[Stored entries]
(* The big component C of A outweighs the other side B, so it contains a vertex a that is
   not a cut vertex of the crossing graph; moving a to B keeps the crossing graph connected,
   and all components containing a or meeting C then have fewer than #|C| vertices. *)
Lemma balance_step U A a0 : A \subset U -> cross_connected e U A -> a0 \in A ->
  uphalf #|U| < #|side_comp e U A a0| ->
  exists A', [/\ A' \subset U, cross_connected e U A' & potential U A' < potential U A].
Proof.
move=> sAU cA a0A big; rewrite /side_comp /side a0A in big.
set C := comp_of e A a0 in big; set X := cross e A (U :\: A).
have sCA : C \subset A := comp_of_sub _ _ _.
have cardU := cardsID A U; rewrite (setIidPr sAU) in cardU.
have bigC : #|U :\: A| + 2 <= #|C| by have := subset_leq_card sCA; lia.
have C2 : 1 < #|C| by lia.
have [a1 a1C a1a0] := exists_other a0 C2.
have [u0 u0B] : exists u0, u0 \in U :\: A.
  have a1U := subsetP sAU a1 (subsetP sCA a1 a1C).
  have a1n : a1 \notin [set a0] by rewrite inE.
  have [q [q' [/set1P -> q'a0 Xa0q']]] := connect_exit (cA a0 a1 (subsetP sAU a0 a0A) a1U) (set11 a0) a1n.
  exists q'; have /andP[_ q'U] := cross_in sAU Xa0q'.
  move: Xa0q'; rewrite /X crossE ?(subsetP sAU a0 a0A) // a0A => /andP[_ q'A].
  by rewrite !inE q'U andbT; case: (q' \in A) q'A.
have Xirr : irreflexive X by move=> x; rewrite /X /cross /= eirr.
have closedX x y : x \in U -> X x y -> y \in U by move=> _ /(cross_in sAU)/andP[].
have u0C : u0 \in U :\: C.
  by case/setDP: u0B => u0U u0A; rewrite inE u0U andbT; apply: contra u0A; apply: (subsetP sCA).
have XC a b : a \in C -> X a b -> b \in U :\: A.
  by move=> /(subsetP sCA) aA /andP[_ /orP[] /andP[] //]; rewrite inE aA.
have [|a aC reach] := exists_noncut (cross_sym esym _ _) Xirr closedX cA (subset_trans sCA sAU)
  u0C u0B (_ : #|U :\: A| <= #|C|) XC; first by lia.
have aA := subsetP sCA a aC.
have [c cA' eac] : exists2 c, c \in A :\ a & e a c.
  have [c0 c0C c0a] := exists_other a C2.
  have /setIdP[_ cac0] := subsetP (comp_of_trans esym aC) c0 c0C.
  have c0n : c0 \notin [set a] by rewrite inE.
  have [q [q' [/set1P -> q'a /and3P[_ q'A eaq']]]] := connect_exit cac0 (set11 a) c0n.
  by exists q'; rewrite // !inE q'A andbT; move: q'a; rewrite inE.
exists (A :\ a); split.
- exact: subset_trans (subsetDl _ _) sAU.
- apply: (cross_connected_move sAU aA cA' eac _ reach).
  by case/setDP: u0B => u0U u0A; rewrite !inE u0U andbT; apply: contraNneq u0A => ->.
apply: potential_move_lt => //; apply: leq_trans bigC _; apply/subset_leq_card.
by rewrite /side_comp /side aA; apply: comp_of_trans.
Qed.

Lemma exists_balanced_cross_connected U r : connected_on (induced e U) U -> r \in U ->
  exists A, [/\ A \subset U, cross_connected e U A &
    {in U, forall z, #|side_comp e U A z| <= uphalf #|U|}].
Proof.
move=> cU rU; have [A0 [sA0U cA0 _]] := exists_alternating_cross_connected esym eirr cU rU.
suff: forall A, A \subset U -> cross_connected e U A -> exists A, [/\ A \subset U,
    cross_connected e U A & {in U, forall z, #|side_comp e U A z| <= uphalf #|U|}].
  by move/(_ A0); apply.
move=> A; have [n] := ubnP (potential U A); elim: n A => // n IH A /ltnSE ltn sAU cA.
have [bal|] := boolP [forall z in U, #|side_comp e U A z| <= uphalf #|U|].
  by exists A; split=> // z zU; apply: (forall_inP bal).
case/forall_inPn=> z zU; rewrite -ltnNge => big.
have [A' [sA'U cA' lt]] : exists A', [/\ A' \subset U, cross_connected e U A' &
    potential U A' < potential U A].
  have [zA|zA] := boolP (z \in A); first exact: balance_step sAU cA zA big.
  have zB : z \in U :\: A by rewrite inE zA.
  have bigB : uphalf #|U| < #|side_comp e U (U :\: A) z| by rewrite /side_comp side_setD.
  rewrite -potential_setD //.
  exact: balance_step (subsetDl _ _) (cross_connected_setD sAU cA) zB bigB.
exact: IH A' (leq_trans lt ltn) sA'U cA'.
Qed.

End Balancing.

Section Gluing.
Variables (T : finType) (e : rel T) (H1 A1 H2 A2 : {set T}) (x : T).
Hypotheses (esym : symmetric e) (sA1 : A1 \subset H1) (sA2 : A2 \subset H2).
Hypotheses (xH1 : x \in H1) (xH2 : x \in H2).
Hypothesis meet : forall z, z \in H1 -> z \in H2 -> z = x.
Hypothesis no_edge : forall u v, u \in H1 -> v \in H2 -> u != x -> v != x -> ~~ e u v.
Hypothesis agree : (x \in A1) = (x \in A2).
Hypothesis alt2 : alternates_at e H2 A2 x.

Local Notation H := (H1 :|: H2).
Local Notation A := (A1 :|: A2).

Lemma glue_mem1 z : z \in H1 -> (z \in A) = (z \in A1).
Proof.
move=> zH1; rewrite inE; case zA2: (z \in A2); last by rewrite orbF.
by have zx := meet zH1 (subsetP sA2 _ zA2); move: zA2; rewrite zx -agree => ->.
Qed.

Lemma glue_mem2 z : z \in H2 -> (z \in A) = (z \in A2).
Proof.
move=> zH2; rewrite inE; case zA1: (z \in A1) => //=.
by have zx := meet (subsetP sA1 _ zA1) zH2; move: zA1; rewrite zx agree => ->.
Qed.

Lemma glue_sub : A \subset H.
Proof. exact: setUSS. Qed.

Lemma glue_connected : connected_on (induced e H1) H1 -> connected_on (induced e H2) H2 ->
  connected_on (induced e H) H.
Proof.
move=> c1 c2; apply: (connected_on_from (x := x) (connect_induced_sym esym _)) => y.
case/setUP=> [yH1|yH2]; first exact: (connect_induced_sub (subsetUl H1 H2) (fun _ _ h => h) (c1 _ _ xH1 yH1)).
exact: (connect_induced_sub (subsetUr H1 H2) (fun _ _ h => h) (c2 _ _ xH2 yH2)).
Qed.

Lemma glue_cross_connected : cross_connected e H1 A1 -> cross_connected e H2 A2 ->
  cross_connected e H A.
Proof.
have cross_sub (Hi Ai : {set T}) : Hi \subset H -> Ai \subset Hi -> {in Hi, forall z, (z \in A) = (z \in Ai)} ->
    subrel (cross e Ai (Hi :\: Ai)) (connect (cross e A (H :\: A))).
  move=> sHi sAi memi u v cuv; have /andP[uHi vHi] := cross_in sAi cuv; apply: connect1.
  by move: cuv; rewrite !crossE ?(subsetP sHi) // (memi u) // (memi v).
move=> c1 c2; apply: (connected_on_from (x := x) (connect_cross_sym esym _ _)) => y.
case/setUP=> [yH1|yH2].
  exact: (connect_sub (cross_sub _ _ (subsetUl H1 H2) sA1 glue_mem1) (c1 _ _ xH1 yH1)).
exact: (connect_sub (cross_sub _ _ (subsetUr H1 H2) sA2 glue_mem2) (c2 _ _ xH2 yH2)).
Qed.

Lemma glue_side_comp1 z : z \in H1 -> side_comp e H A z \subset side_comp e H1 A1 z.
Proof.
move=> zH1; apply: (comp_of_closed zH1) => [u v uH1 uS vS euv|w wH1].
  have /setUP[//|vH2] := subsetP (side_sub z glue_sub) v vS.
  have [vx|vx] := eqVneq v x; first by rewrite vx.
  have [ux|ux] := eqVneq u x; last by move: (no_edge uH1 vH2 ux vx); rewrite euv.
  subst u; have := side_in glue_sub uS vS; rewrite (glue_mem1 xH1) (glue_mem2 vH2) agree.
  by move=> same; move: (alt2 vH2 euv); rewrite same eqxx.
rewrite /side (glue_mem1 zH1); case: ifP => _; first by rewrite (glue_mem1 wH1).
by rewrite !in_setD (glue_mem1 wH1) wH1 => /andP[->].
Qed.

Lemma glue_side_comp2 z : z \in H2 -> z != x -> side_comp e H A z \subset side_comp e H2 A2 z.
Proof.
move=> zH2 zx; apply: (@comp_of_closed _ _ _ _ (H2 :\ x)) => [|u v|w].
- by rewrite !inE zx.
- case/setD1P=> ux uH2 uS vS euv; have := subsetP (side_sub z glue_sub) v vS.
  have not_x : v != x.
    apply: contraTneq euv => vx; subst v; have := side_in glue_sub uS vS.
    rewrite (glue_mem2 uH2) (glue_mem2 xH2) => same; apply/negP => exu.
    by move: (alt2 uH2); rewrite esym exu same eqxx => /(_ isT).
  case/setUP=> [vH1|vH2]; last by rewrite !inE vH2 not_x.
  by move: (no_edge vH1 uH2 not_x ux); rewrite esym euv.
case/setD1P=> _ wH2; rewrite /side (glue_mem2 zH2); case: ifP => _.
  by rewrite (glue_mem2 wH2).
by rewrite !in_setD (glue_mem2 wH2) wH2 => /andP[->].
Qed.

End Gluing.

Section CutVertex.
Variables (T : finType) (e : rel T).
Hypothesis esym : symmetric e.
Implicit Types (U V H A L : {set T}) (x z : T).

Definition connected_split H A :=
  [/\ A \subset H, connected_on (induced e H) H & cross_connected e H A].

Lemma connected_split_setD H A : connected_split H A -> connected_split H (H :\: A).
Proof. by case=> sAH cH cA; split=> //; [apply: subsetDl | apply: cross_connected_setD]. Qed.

§ **Activity**
Starting with the line above that holds "by move: cuv;" and stopping with the line that holds "Hypothesis esym : symmetric e.", reproduce each line exactly, omitting all other lines.

§ **The answer**
  by move: cuv; rewrite !crossE ?(subsetP sHi) // (memi u) // (memi v).
move=> c1 c2; apply: (connected_on_from (x := x) (connect_cross_sym esym _ _)) => y.
case/setUP=> [yH1|yH2].
  exact: (connect_sub (cross_sub _ _ (subsetUl H1 H2) sA1 glue_mem1) (c1 _ _ xH1 yH1)).
exact: (connect_sub (cross_sub _ _ (subsetUr H1 H2) sA2 glue_mem2) (c2 _ _ xH2 yH2)).
Qed.

Lemma glue_side_comp1 z : z \in H1 -> side_comp e H A z \subset side_comp e H1 A1 z.
Proof.
move=> zH1; apply: (comp_of_closed zH1) => [u v uH1 uS vS euv|w wH1].
  have /setUP[//|vH2] := subsetP (side_sub z glue_sub) v vS.
  have [vx|vx] := eqVneq v x; first by rewrite vx.
  have [ux|ux] := eqVneq u x; last by move: (no_edge uH1 vH2 ux vx); rewrite euv.
  subst u; have := side_in glue_sub uS vS; rewrite (glue_mem1 xH1) (glue_mem2 vH2) agree.
  by move=> same; move: (alt2 vH2 euv); rewrite same eqxx.
rewrite /side (glue_mem1 zH1); case: ifP => _; first by rewrite (glue_mem1 wH1).
by rewrite !in_setD (glue_mem1 wH1) wH1 => /andP[->].
Qed.

Lemma glue_side_comp2 z : z \in H2 -> z != x -> side_comp e H A z \subset side_comp e H2 A2 z.
Proof.
move=> zH2 zx; apply: (@comp_of_closed _ _ _ _ (H2 :\ x)) => [|u v|w].
- by rewrite !inE zx.
- case/setD1P=> ux uH2 uS vS euv; have := subsetP (side_sub z glue_sub) v vS.
  have not_x : v != x.
    apply: contraTneq euv => vx; subst v; have := side_in glue_sub uS vS.
    rewrite (glue_mem2 uH2) (glue_mem2 xH2) => same; apply/negP => exu.
    by move: (alt2 uH2); rewrite esym exu same eqxx => /(_ isT).
  case/setUP=> [vH1|vH2]; last by rewrite !inE vH2 not_x.
  by move: (no_edge vH1 uH2 not_x ux); rewrite esym euv.
case/setD1P=> _ wH2; rewrite /side (glue_mem2 zH2); case: ifP => _.
  by rewrite (glue_mem2 wH2).
by rewrite !in_setD (glue_mem2 wH2) wH2 => /andP[->].
Qed.

End Gluing.

Section CutVertex.
Variables (T : finType) (e : rel T).
Hypothesis esym : symmetric e.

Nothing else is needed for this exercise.